Dataset extract:
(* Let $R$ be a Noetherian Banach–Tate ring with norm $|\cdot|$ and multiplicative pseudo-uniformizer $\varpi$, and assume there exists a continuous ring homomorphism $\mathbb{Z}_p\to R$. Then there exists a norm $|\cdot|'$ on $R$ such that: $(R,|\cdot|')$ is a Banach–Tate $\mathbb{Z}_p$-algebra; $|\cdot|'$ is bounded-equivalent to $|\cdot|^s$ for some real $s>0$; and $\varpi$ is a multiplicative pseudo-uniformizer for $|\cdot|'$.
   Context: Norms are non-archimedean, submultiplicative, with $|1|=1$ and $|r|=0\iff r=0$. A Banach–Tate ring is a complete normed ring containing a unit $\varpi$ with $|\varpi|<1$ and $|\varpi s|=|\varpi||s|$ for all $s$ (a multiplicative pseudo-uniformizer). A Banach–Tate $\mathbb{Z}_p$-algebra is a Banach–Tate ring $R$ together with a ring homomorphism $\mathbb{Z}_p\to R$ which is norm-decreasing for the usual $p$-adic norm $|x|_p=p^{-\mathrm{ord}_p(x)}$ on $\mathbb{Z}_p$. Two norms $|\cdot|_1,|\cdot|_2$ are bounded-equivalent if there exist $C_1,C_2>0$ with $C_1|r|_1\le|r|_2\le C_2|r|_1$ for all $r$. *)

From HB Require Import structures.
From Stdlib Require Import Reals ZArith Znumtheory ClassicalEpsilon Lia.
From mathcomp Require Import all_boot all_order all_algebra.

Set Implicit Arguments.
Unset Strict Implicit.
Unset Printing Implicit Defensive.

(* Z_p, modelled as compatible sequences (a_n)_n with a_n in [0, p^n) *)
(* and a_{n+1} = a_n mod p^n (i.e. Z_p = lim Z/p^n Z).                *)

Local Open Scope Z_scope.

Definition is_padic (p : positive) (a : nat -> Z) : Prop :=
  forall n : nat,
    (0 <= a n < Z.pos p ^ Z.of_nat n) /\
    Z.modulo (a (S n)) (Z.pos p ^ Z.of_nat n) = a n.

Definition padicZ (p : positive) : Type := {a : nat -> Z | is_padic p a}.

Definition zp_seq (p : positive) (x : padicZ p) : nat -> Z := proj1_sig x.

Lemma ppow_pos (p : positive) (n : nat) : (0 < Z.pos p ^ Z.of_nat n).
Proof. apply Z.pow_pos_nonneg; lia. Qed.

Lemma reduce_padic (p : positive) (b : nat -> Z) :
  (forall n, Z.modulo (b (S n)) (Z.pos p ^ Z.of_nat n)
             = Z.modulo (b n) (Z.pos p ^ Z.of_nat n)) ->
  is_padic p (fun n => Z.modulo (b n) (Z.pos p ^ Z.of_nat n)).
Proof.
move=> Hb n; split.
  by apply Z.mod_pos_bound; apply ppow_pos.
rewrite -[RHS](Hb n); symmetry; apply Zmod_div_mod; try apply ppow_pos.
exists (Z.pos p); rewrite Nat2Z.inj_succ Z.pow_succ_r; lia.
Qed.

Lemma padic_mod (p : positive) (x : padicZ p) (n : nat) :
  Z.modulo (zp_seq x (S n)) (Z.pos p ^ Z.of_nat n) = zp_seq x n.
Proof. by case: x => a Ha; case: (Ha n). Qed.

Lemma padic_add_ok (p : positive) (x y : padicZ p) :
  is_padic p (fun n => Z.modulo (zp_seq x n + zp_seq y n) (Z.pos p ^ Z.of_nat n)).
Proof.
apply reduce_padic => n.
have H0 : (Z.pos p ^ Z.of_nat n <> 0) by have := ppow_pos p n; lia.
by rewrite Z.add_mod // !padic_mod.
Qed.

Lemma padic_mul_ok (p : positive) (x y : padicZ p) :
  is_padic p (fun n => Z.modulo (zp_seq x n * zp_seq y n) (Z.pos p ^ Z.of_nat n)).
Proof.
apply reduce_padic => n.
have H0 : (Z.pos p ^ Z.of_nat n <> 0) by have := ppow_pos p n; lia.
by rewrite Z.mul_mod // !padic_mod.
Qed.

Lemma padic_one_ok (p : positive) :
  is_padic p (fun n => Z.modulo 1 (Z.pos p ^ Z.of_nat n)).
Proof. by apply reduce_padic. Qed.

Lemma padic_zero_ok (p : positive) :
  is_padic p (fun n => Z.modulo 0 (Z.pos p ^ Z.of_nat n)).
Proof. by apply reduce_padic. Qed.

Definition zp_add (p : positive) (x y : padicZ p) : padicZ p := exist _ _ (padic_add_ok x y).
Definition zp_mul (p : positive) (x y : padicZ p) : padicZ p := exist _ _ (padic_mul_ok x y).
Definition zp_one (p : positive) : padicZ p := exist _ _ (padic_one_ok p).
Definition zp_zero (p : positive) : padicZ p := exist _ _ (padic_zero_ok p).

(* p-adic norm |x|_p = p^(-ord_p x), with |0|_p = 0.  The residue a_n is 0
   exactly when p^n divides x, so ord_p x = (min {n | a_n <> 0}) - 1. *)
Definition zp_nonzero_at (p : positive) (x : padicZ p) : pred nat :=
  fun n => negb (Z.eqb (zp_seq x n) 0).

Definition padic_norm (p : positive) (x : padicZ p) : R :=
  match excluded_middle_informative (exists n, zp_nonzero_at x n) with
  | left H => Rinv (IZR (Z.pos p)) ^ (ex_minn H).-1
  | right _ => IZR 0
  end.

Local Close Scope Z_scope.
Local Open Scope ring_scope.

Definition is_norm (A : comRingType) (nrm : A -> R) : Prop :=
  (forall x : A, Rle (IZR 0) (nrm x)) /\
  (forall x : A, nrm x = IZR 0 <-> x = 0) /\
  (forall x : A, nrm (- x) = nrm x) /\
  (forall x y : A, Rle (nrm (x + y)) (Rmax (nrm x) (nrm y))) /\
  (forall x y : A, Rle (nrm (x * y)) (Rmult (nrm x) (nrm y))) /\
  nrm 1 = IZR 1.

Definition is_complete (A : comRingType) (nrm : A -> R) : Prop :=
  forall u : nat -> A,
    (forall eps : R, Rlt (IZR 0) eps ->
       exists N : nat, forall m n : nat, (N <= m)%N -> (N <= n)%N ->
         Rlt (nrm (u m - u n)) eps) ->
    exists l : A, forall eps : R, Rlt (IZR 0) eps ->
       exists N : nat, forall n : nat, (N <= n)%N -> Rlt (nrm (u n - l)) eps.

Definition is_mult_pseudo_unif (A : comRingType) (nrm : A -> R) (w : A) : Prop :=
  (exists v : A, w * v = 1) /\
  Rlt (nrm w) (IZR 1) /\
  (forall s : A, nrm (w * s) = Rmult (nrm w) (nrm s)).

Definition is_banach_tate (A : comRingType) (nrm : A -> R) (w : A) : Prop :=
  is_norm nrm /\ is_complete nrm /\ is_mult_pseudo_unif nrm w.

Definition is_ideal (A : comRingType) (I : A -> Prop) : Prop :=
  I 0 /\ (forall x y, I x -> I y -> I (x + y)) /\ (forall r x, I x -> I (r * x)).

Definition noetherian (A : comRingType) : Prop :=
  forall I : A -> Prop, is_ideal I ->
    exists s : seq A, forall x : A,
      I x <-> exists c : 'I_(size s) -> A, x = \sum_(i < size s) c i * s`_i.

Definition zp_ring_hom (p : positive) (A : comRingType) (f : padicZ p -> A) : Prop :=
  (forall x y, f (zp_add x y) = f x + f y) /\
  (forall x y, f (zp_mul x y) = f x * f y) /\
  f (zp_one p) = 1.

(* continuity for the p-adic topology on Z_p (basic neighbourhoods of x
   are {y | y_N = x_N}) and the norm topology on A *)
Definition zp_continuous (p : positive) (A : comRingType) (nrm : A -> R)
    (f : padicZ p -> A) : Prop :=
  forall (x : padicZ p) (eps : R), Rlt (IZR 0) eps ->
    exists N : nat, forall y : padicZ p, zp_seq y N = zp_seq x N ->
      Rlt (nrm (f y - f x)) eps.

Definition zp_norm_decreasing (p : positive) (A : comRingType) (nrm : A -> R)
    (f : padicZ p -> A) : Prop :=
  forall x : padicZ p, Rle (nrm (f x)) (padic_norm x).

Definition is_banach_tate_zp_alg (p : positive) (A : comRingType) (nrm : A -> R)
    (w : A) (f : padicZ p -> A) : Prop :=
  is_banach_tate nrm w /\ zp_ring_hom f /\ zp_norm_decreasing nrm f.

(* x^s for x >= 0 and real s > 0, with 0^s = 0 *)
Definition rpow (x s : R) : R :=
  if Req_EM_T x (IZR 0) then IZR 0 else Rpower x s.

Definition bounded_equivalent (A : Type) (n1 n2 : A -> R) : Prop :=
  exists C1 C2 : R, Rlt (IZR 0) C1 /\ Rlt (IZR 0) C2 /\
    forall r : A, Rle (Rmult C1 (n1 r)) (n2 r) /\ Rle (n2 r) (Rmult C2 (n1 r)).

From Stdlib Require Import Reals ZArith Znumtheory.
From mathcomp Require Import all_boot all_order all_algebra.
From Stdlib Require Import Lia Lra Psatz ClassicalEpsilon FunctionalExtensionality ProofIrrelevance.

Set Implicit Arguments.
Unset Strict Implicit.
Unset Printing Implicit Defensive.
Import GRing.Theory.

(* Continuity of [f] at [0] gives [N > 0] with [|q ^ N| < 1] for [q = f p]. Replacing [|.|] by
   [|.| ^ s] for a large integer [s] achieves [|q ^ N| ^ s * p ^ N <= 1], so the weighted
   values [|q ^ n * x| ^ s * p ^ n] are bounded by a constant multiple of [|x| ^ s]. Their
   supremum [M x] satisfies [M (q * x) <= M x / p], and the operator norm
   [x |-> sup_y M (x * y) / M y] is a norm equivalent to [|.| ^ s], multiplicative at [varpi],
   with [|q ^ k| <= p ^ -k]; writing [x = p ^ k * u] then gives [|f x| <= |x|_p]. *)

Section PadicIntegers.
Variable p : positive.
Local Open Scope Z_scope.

What is being asked: A single number is the whole answer here: how many lines of the material include "ZArith" as a word or string?

Reply to the task: 2